Automatic Prompting Systems

A look at APS!

Jamie Horsnell

9/2/20242 min read

Automatic Prompting Systems

Prompting plays a crucial role in guiding Large Language Models (LLMs) to generate high-quality outputs. While LLMs are capable of producing impressive results with even simple prompts, the true potential of these models is unlocked when prompts are carefully crafted around the specific use case of the model.

While Large Language Models (LLMs) can deliver impressive results with basic prompts, achieving consistent and accurate responses often requires advanced prompt engineering techniques. However, with a wide range of techniques to be learned, it requires a steep learning curve to perfect, with time-consuming iterations and inconsistent results.

Automatic prompting systems aim to combat some of these issues to improve LLM performance on various tasks by automatically crafting and selecting the most suitable prompts, to generate accurate outputs with less resource and time.

One of the approaches is Automatic Prompt Selection (APS), which clusters task data into groups, generates prompts for each group, and then picks the best-performing prompt for each cluster. However, a more common is Automatic Prompt Engineer (APE), where the system is created by:

Creating the Training Dataset

A diverse set of high-quality prompts is needed, which is created by an automated process (a pipeline) that gathers and organises prompts from different tasks.

Cleaning and Sorting Prompts

This pipeline used advanced models to group similar prompts together and remove duplicates. Then, they used language models to sort these prompts by how relevant and useful they were for specific tasks.

Few-Shot Learning

For selected prompts, the researchers added extra instructions to make them even more effective. These enhanced prompts were then tested by a language model, and any that didn't meet the standards were sent back for further improvement.

Dataset Creation

By following this method, you can automatically generate a dataset with thousands of high-quality examples of augmented prompts. Models with a smaller amount of prompts (around 8,000-10,000) allow for speed and adaptability.

Model Training

Using this dataset, you can train smaller language models, like Llama-2-7B, to create an APS model. In production with larger models, like GPT-4 and Llama-3-70B, results significantly increase from the base models without any prompt enhancement.

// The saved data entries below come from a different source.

(* Let $p\geq 1$ and let $A$ be a non-empty set. Then for each $g\in\ell^p(A)$, the set $$\Gamma_g:=\big\{f\in\ell^p(A):\ |f|\geq|g|\big\}$$ is not $\sigma$-porous in $\ell^p(A)$.
   Context: $\ell^p(A)$ is $L^p$ of $A$ with counting measure. Porosity: Let $X$ be a metric space and $0<\lambda<1$. A set $E\subseteq X$ is $\lambda$-porous at $x\in E$ if for each $\delta>0$ there is $y\in B(x;\delta)\setminus\{x\}$ with $B(y;\lambda\, d(x,y))\cap E=\varnothing$; $E$ is $\lambda$-porous if it is $\lambda$-porous at each of its points; $E$ is $\sigma$-$\lambda$-porous if it is a countable union of $\lambda$-porous subsets of $X$. A set is called $\sigma$-porous if it is $\sigma$-$\lambda$-porous for some $\lambda\in(0,1)$; ''not $\sigma$-porous'' means not $\sigma$-$\lambda$-porous for any $\lambda\in(0,1)$. *)

From HB Require Import structures.
From mathcomp Require Import all_boot all_order all_algebra.
From mathcomp Require Import all_classical all_reals all_analysis.
Unset Printing Implicit Defensive.
Import Order.TTheory GRing.Theory Num.Theory.
Local Open Scope classical_set_scope.
Local Open Scope ring_scope.

Definition lp (R : realType) (p : R) (A : choiceType) : set (A -> R) :=
  [set f | (\esum_(a in [set: A]) (`|f a| `^ p)%:E < +oo)%E].

Arguments lp {R} p A.

Definition lpdist (R : realType) (p : R) (A : choiceType) (f g : A -> R) : R :=
  (fine (\esum_(a in [set: A]) (`|f a - g a| `^ p)%:E)) `^ (p^-1).

Arguments lpdist {R} p {A} f g.

Definition porous_at (R : realType) (p : R) (A : choiceType) (lam : R)
    (E : set (A -> R)) (x : A -> R) : Prop :=
  forall delta : R, 0 < delta ->
    exists y : A -> R, [/\ lp p A y, lpdist p x y < delta, y <> x &
      forall z, lp p A z -> lpdist p y z < lam * lpdist p x y -> ~ E z].

Arguments porous_at {R} p {A} lam E x.

Definition porous (R : realType) (p : R) (A : choiceType) (lam : R)
    (E : set (A -> R)) : Prop :=
  forall x, E x -> porous_at p lam E x.

Arguments porous {R} p {A} lam E.

Definition sigma_porous (R : realType) (p : R) (A : choiceType) (lam : R)
    (E : set (A -> R)) : Prop :=
  exists En : nat -> set (A -> R),
    (forall n, En n `<=` lp p A) /\ (forall n, porous p lam (En n)) /\
    E = \bigcup_n En n.

Arguments sigma_porous {R} p {A} lam E.

Definition Gamma (R : realType) (p : R) (A : choiceType) (g : A -> R) : set (A -> R) :=
  [set f | lp p A f /\ forall a, `|g a| <= `|f a|].

Arguments Gamma {R} p {A} g.

From HB Require Import structures.
From mathcomp Require Import all_boot all_order all_algebra.
From mathcomp Require Import all_classical all_reals all_analysis.
From mathcomp Require Import ring lra.
Import Order.TTheory GRing.Theory Num.Theory numFieldNormedType.Exports.
Local Open Scope classical_set_scope.
Local Open Scope ring_scope.

(* Write d(f, g) = sum_a |f a - g a|^p: the p-th power of the l^p distance, a
   quasi-metric whose triangle inequality holds up to the factor 2^p.  For
   t >= 0 in l^p let F_t = {x in l^p | t <= |x|}, so that Gamma_g = F_|g|.
   Given lam-porous sets E_n, build thresholds |g| <= t_0 <= t_1 <= ..., points
   x_n in F_(t_n) and radii rho_n -> 0 with nested balls B(x_n, rho_n) such that
   B(x_(n+1), rho_(n+1)) /\ F_(t_(n+1)) misses E_n.  The coordinatewise limit of
   the x_n lies in every F_(t_n), hence in Gamma_g, and in no E_n.
   For one step, raise t at small cost (t is in l^p) to some t' exceeding t on
   each coordinate by a factor W or by a margin m, and move x into F_t'.  If E_n
   has no point of F_t' near x we are done.  Otherwise porosity at such a point
   e gives y near e with B(y, lam d(e,y)) disjoint from E_n; as e lies well
   above the level t, the nearest point z of F_t to y has d(y,z) <= d(e,y)/W^p,
   so for W large a small ball around z meets F_t only inside that hole. *)

Lemma cauchy_lim_bound {R : realType} (u r : nat -> R) :
  (forall k j, (k <= j)%N -> `|u j - u k| <= r k) ->
  (forall e, 0 < e -> exists k, r k < e) ->
  exists l : R, forall k, `|l - u k| <= r k.
Proof.
move=> ur r0.
have cu : cauchy (u @ \oo).
  apply: cauchy_exP => e e0; have [k rk] := r0 e e0.
  exists (u k); exists k => // n /= kn.
  by rewrite /ball /= distrC; exact: le_lt_trans (ur _ _ kn) rk.
have cv : cvgn u by apply: R_complete.
exists (lim (u @ \oo)) => k.
have : ([set y : R | u k - r k <= y] `&` [set y | y <= u k + r k]) (lim (u @ \oo)).
  apply: (closed_cvg _ _ _ _ cv).
  - by apply: closedI; [exact: closed_ge | exact: closed_le].
  - exists k => // n /= kn; move: (ur _ _ kn); rewrite ler_norml => /andP[a b].
    split => /=; lra.
by move=> [/= h1 h2]; rewrite ler_norml; apply/andP; split; lra.
Qed.
Lemma thm_chi_label kap i : Thm (Imp (chi D kap i) (kap i)).
Proof. apply KP_taut; unfold chi; solve_tautology. Qed.

Lemma thm_chi_dia kap i l k : In (i, l, k) (dedges D) -> Thm (Imp (chi D kap i) (Dia l (kap k))).
Proof.
  intro He; unfold chi.
  apply (thm_tauto [Imp (bigAnd (flat_map (fun '(x, l0, k0) =>
                       if Nat.eqb x i then [Dia l0 (kap k0)] else []) (dedges D)))
                     (Dia l (kap k))]); [premises|solve_tautology].
  apply thm_bigAnd_elem, (In_flat_map_edges_from _ (fun l k => Dia l (kap k))).
  exists l, k; auto.
Qed.

Lemma thm_neg_dia l a : Thm (Neg a) -> Thm (Neg (Dia l a)).
Proof.
  intro H; apply (thm_tauto [Box l (Neg a)]); [premises; apply KP_Nec, H|solve_tautology].
Qed.

Lemma thm_neg_eta_aux {kap i} : Thm (Neg (chi D kap i)) ->
  forall p fuel x, dpath T x p i -> length p <= fuel -> Thm (Neg (eta_aux D T kap fuel x)).
Proof.
  intros Hc p; induction p as [|[l y] p IH]; intros fuel x Hp Hl; inversion Hp; subst.
  - destruct fuel; simpl; [exact Hc|].
    apply (thm_tauto [Neg (chi D kap i)]); [premises; exact Hc|solve_tautology].
  - destruct fuel as [|fuel]; [simpl in Hl; lia|simpl eta_aux].
    set (xs := flat_map (fun '(y0, l0, k) =>
                 if Nat.eqb y0 x then [Dia l0 (eta_aux D T kap fuel k)] else []) T).
    apply (thm_tauto [Imp (bigAnd xs) (Dia l (eta_aux D T kap fuel y));
                      Neg (Dia l (eta_aux D T kap fuel y))]); [premises|solve_tautology].
    + apply thm_bigAnd_elem, (In_flat_map_edges_from _ (fun l k => Dia l (eta_aux D T kap fuel k))).
      exists l, y; auto.
    + apply thm_neg_dia, IH; [assumption|simpl in Hl; lia].
Qed.

(* [eta] nests the diamonds of a tree path to every point, so a refutable [chi_i]
   makes [eta] refutable. *)
Lemma thm_neg_eta {kap i} : i <= n -> Thm (Neg (chi D kap i)) -> Thm (Neg (eta D T kap)).
Proof.
  intros Hi Hc; unfold eta.
  destruct i as [|i].
  - apply (thm_neg_eta_aux Hc [] (S n) 0); [constructor|simpl; lia].
  - destruct (spanning_tree_short_path D T (S i) HwfD HT ltac:(lia)) as [p [Hp Hl]].
    apply (thm_neg_eta_aux Hc p (S n) 0); [exact Hp|lia].
Qed.

Definition decides (x p : form L) : Prop := Thm (Imp x p) \/ Thm (Imp x (Neg p)).

Section CanonicalPoint.
Context (G0 : form L -> Prop) (M0 : MCS gamma_axioms G0).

Automated prompting systems offer several advantages, including efficiency, as they can explore a larger space of potential prompts much more quickly than manual methods. They also exhibit adaptability, adjusting prompts based on different input types or task requirements. They also allow for continuous integration pipelines for prompts to be continually optimised, with user feedback regularly incorporated into the system, and automated prompt testing. This has led to APS systems achieving results that surpass human-crafted prompts.

One of the key challenges however in developing APS is creating the training dataset for the augmentation model. This can be tackled by building an automated pipeline that curates a diverse set of high-quality prompts across different tasks. This pipeline employs embedding models and clustering algorithms to identify and remove duplicates, followed by using cutting-edge LLMs to classify prompts based on their quality and task relevance.

Overall, automated prompting techniques will serve a big part in GenAIOps allowing teams to focus on innovation rather than the intricacies of prompt crafting. A key pillar to building GenAI applications is the prompting engineering, and by using systems trained on a mixture of automated and manual feedback will allow for more robust, reliable, and scalable AI solutions, driving the future of GenAI operations.